> TASK BRIEF
Below are some records; output exactly the lines from the line with "Local Open Scope ring_scope." to the line with "elim: s => [|y s IH] dvd_s", both ends kept, and nothing more.

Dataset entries
:::::

Lemma sum_supp_single (G : Z -> nat) i :
  \sum_(z : Z) ([forall k, (z k != None) == (k == i)] : nat) * G z =
  \sum_(a : T) G (ffun_single i a).
Proof.
have supp_i (z : Z) : ([forall k, (z k != None) == (k == i)] : nat) =
    \sum_(a : T) (z == ffun_single i a : nat).
  case: (boolP [forall k, _]) => [/forallP supp_z|supp_z].
    have := supp_z i; rewrite eqxx; case z_i: (z i) => [a0|] // _.
    rewrite (bigD1 a0) //= big1 ?addn0.
      suff -> : z == ffun_single i a0 by [].
      apply/eqP/ffunP => k; rewrite ffunE; case: ifP => [/eqP -> //|k_neq_i].
      by have := supp_z k; rewrite k_neq_i; case: (z k).
    move=> a /negbTE a_neq; apply/eqP; rewrite eqb0; apply/eqP => def_z.
    by move: z_i; rewrite def_z ffunE eqxx => -[a_eq]; rewrite a_eq eqxx in a_neq.
  rewrite big1 // => a _; apply/eqP; rewrite eqb0; apply/eqP => def_z.
  by move/negP: supp_z; apply; apply/forallP => k; rewrite def_z ffunE; case: (k == i).
rewrite (eq_bigr (fun z => \sum_(a : T) (z == ffun_single i a : nat) * G z)); last first.
  by move=> z _; rewrite supp_i big_distrl.
by rewrite exchange_big; apply: eq_bigr => a _; rewrite sum_pred1_mul.
Qed.

Lemma sum_supp_pair (G : Z -> nat) i j : i != j ->
  \sum_(z : Z) ([forall k, (z k != None) == ((k == i) || (k == j))] : nat) * G z =
  \sum_(a : T) \sum_(b : T) G (ffun_pair i j a b).
Proof.
move=> i_neq_j.
have supp_ij (z : Z) : ([forall k, (z k != None) == ((k == i) || (k == j))] : nat) =
    \sum_(p : T * T) (z == ffun_pair i j p.1 p.2 : nat).
  case: (boolP [forall k, _]) => [/forallP supp_z|supp_z].
    have := supp_z i; rewrite eqxx; case z_i: (z i) => [a0|] // _.
    have := supp_z j; rewrite eqxx orbT; case z_j: (z j) => [b0|] // _.
    rewrite (bigD1 (a0, b0)) //= big1 ?addn0.
      suff -> : z == ffun_pair i j a0 b0 by [].
      apply/eqP/ffunP => k; rewrite ffunE; case: ifP => [/eqP -> //|k_neq_i].
      case: ifP => [/eqP -> //|k_neq_j].
      by have := supp_z k; rewrite k_neq_i k_neq_j; case: (z k).
    move=> [a b] /negbTE ab_neq; apply/eqP; rewrite eqb0; apply/eqP => def_z.
    move: z_i z_j; rewrite def_z !ffunE eqxx eq_sym (negbTE i_neq_j) eqxx /=.
    by move=> [a_eq] [b_eq]; rewrite a_eq b_eq eqxx in ab_neq.
  rewrite big1 // => p _; apply/eqP; rewrite eqb0; apply/eqP => def_z.
  move/negP: supp_z; apply; apply/forallP => k; rewrite def_z ffunE.
  by case: (k == i) => //=; case: (k == j).
rewrite (eq_bigr (fun z => \sum_(p : T * T) (z == ffun_pair i j p.1 p.2 : nat) * G z)); last first.
  by move=> z _; rewrite supp_ij big_distrl.
rewrite exchange_big -(pair_bigA _ (fun a b => \sum_z (z == ffun_pair i j a b : nat) * G z)) /=.
by apply: eq_bigr => a _; apply: eq_bigr => b _; rewrite sum_pred1_mul.
Qed.

End SupportPatterns.

Local Notation o0 := (@Ordinal 4 0 isT).
Local Notation o1 := (@Ordinal 4 1 isT).
Local Notation o2 := (@Ordinal 4 2 isT).
Local Notation o3 := (@Ordinal 4 3 isT).

Lemma big_ord4 (V : nmodType) (F : 'I_4 -> V) :
  (\sum_(i < 4) F i = F o0 + F o1 + F o2 + F o3)%R.
Proof.
rewrite !big_ord_recr big_ord0 /= GRing.add0r.
by congr (F _ + F _ + F _ + F _)%R; apply: val_inj.
Qed.

Lemma forall_ord4 (P : 'I_4 -> bool) : [forall k, P k] = [&& P o0, P o1, P o2 & P o3].
Proof.
apply/forallP/and4P => [?|[P0 P1 P2 P3] [[|[|[|[|k]]]] lt_k4]] //.
- by rewrite (_ : Ordinal lt_k4 = o0) //; apply: val_inj.
- by rewrite (_ : Ordinal lt_k4 = o1) //; apply: val_inj.
- by rewrite (_ : Ordinal lt_k4 = o2) //; apply: val_inj.
- by rewrite (_ : Ordinal lt_k4 = o3) //; apply: val_inj.
Qed.

Lemma sum_bool4_eq1 (b : 'I_4 -> bool) :
  ((\sum_i (b i : nat)) == 1 : nat) = \sum_i ([forall k, b k == (k == i)] : nat).
Proof.
rewrite !(@big_ord4 nat) !forall_ord4 /= -!val_eqE /=.
by case: (b o0); case: (b o1); case: (b o2); case: (b o3).
Qed.

Lemma sum_bool4_eq2 (b : 'I_4 -> bool) :
  ((\sum_i (b i : nat)) == 2 : nat) =
  \sum_(i < 4) \sum_(j < 4 | i < j) ([forall k, b k == ((k == i) || (k == j))] : nat).
Proof.
under [RHS]eq_bigr => i _ do rewrite big_mkcond /=.
rewrite !(@big_ord4 nat) /= !forall_ord4 /= -!val_eqE /=.
by case: (b o0); case: (b o1); case: (b o2); case: (b o3).
Qed.

Lemma sum_osupp_size_eq1 (T : finType) (G : {ffun 'I_4 -> option T} -> nat) :
  \sum_z G z * (osupp_size z == 1) = \sum_i \sum_a G (ffun_single i a).
Proof.
rewrite (eq_bigr (fun z : {ffun 'I_4 -> option T} => \sum_i ([forall k, (z k != None) == (k == i)] : nat) * G z));
  last by move=> z _; rewrite /osupp_size sum_bool4_eq1 mulnC big_distrl.
by rewrite exchange_big; apply: eq_bigr => i _; rewrite sum_supp_single.
Qed.

Lemma sum_osupp_size_eq2 (T : finType) (G : {ffun 'I_4 -> option T} -> nat) :
  \sum_z G z * (osupp_size z == 2) =
  \sum_(i < 4) \sum_(j < 4 | i < j) \sum_a \sum_b G (ffun_pair i j a b).
Proof.
rewrite (eq_bigr (fun z : {ffun 'I_4 -> option T} => \sum_(i < 4) \sum_(j < 4 | i < j)
    ([forall k, (z k != None) == ((k == i) || (k == j))] : nat) * G z)); last first.
  move=> z _; rewrite /osupp_size sum_bool4_eq2 mulnC big_distrl.
  by apply: eq_bigr => i _; rewrite big_distrl.
rewrite exchange_big; apply: eq_bigr => i _; rewrite exchange_big; apply: eq_bigr => j lt_ij.
by rewrite sum_supp_pair // neq_ltn lt_ij.
Qed.

Local Open Scope ring_scope.

Lemma foldr_gcdz_dvd (s : seq int) x : x \in s -> (foldr gcdz 0 s %| x)%Z.
Proof.
elim: s => //= y s IH; rewrite in_cons => /orP[/eqP->|/IH xs].
  exact: dvdz_gcdl.
exact: dvdz_trans (dvdz_gcdr _ _) xs.
Qed.

Lemma dvdz_foldr_gcdz (s : seq int) d :
  (forall x, x \in s -> (d %| x)%Z) -> (d %| foldr gcdz 0 s)%Z.
Proof.
elim: s => [|y s IH] dvd_s /=; first exact: dvdz0.
by rewrite dvdz_gcd dvd_s ?mem_head // IH // => x xs; rewrite dvd_s // in_cons xs orbT.
Qed.

Lemma foldr_gcdz_ge0 (s : seq int) : 0 <= foldr gcdz 0 s.
Proof. by case: s. Qed.

Lemma foldr_gcdz_map_mull (s : seq int) u :
  foldr gcdz 0 [seq u * x | x <- s] = `|u|%:Z * foldr gcdz 0 s.
Proof.
elim: s => [|y s IH] /=; first by rewrite mulr0.
rewrite IH.
have -> : gcdz (u * y) (`|u|%:Z * foldr gcdz 0 s) = gcdz (u * y) (u * foldr gcdz 0 s).
  by rewrite /gcdz !abszM.
by rewrite -mulz_gcdr.
Qed.

Lemma eqz_dvdz_ge0 (a b : int) :
  0 <= a -> 0 <= b -> (a %| b)%Z -> (b %| a)%Z -> a = b.
Proof.
case: a => // a; case: b => // b _ _; rewrite !dvdzE /= => ab ba.
by congr Posz; apply/eqP; rewrite eqn_dvd ab ba.
Qed.

Lemma count_dvdn_ord (m d : nat) :
  (0 < m)%N -> (\sum_(u < d * m) (m %| u : nat))%N = d.
Proof.
move=> m_gt0; elim: d => [|d IH]; first by rewrite mul0n big_ord0.
rewrite mulSn addnC big_split_ord /= IH.
rewrite (eq_bigr (fun i : 'I_m => (i == 0%N :> nat) : nat)); last first.
  move=> i _; rewrite dvdn_addr ?dvdn_mull //.
  congr nat_of_bool; apply/idP/idP => [i_dvd|/eqP->]; last exact: dvdn0.
  rewrite eqn0Ngt; apply/negP => i_gt0; have := dvdn_leq i_gt0 i_dvd.
  by rewrite leqNgt ltn_ord.
clear IH; case: m m_gt0 => // m _.
by rewrite big_ord_recl /= big1 ?addn0 ?addn1.
Qed.

Lemma count_dvdz_mul (l : nat) (d : int) : (0 < l)%N -> d != 0 -> (d %| l%:Z)%Z ->
  (\sum_(u < l) ((l%:Z %| (u%:Z * d)%R)%Z : nat))%N = `|d|%N.
Proof.
move=> l_gt0 d_neq0; rewrite dvdzE /= => /dvdnP [m def_l].
have m_gt0 : (0 < m)%N by move: l_gt0; rewrite def_l muln_gt0 => /andP[].
rewrite (eq_bigr (fun u : 'I_l => (m %| u : nat))); last first.
  move=> u _; rewrite dvdzE abszM /=.
  by rewrite [X in (X %| _)%N]def_l dvdn_pmul2r // absz_gt0.
by rewrite def_l mulnC count_dvdn_ord.
Qed.

Lemma count_dvdz_all (l : nat) (s : seq int) : (0 < l)%N ->
  foldr gcdz 0 s != 0 -> (foldr gcdz 0 s %| l%:Z)%Z ->
  (\sum_(u < l) (all (fun x => l%:Z %| (u%:Z * x)%R)%Z s : nat))%N = `|foldr gcdz 0 s|%N.
Proof.
move=> l_gt0 g_neq0 g_dvd; rewrite -(count_dvdz_mul l_gt0 g_neq0 g_dvd).
apply: eq_bigr => u _; congr nat_of_bool; apply/allP/idP => [dvd_s|dvd_ug x xs].
  rewrite -[u%:Z]/(`|u%:Z|%N%:Z) -foldr_gcdz_map_mull.
  by apply: dvdz_foldr_gcdz => _ /mapP [x xs ->]; apply: dvd_s.
by apply: dvdz_trans dvd_ug _; apply: dvdz_mul (dvdzz _) (foldr_gcdz_dvd xs).
Qed.

Lemma sum_ord_periodic_shift (l : nat) (f : int -> nat) : f l%:Z = f 0 ->
  (\sum_(u < l) f (u%:Z + 1)%R)%N = (\sum_(u < l) f u%:Z)%N.
Proof.
case: l => [|l] f_l; first by rewrite !big_ord0.
rewrite big_ord_recr big_ord_recl /= -f_l addnC; congr (_ + _)%N.
  by rewrite -addn1 PoszD.
by apply: eq_bigr => i _; rewrite /bump /= addnC PoszD.
Qed.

:::::

> FINISHED TASK
Local Open Scope ring_scope.

Lemma foldr_gcdz_dvd (s : seq int) x : x \in s -> (foldr gcdz 0 s %| x)%Z.
Proof.
elim: s => //= y s IH; rewrite in_cons => /orP[/eqP->|/IH xs].
  exact: dvdz_gcdl.
exact: dvdz_trans (dvdz_gcdr _ _) xs.
Qed.

Lemma dvdz_foldr_gcdz (s : seq int) d :
  (forall x, x \in s -> (d %| x)%Z) -> (d %| foldr gcdz 0 s)%Z.
Proof.
elim: s => [|y s IH] dvd_s /=; first exact: dvdz0.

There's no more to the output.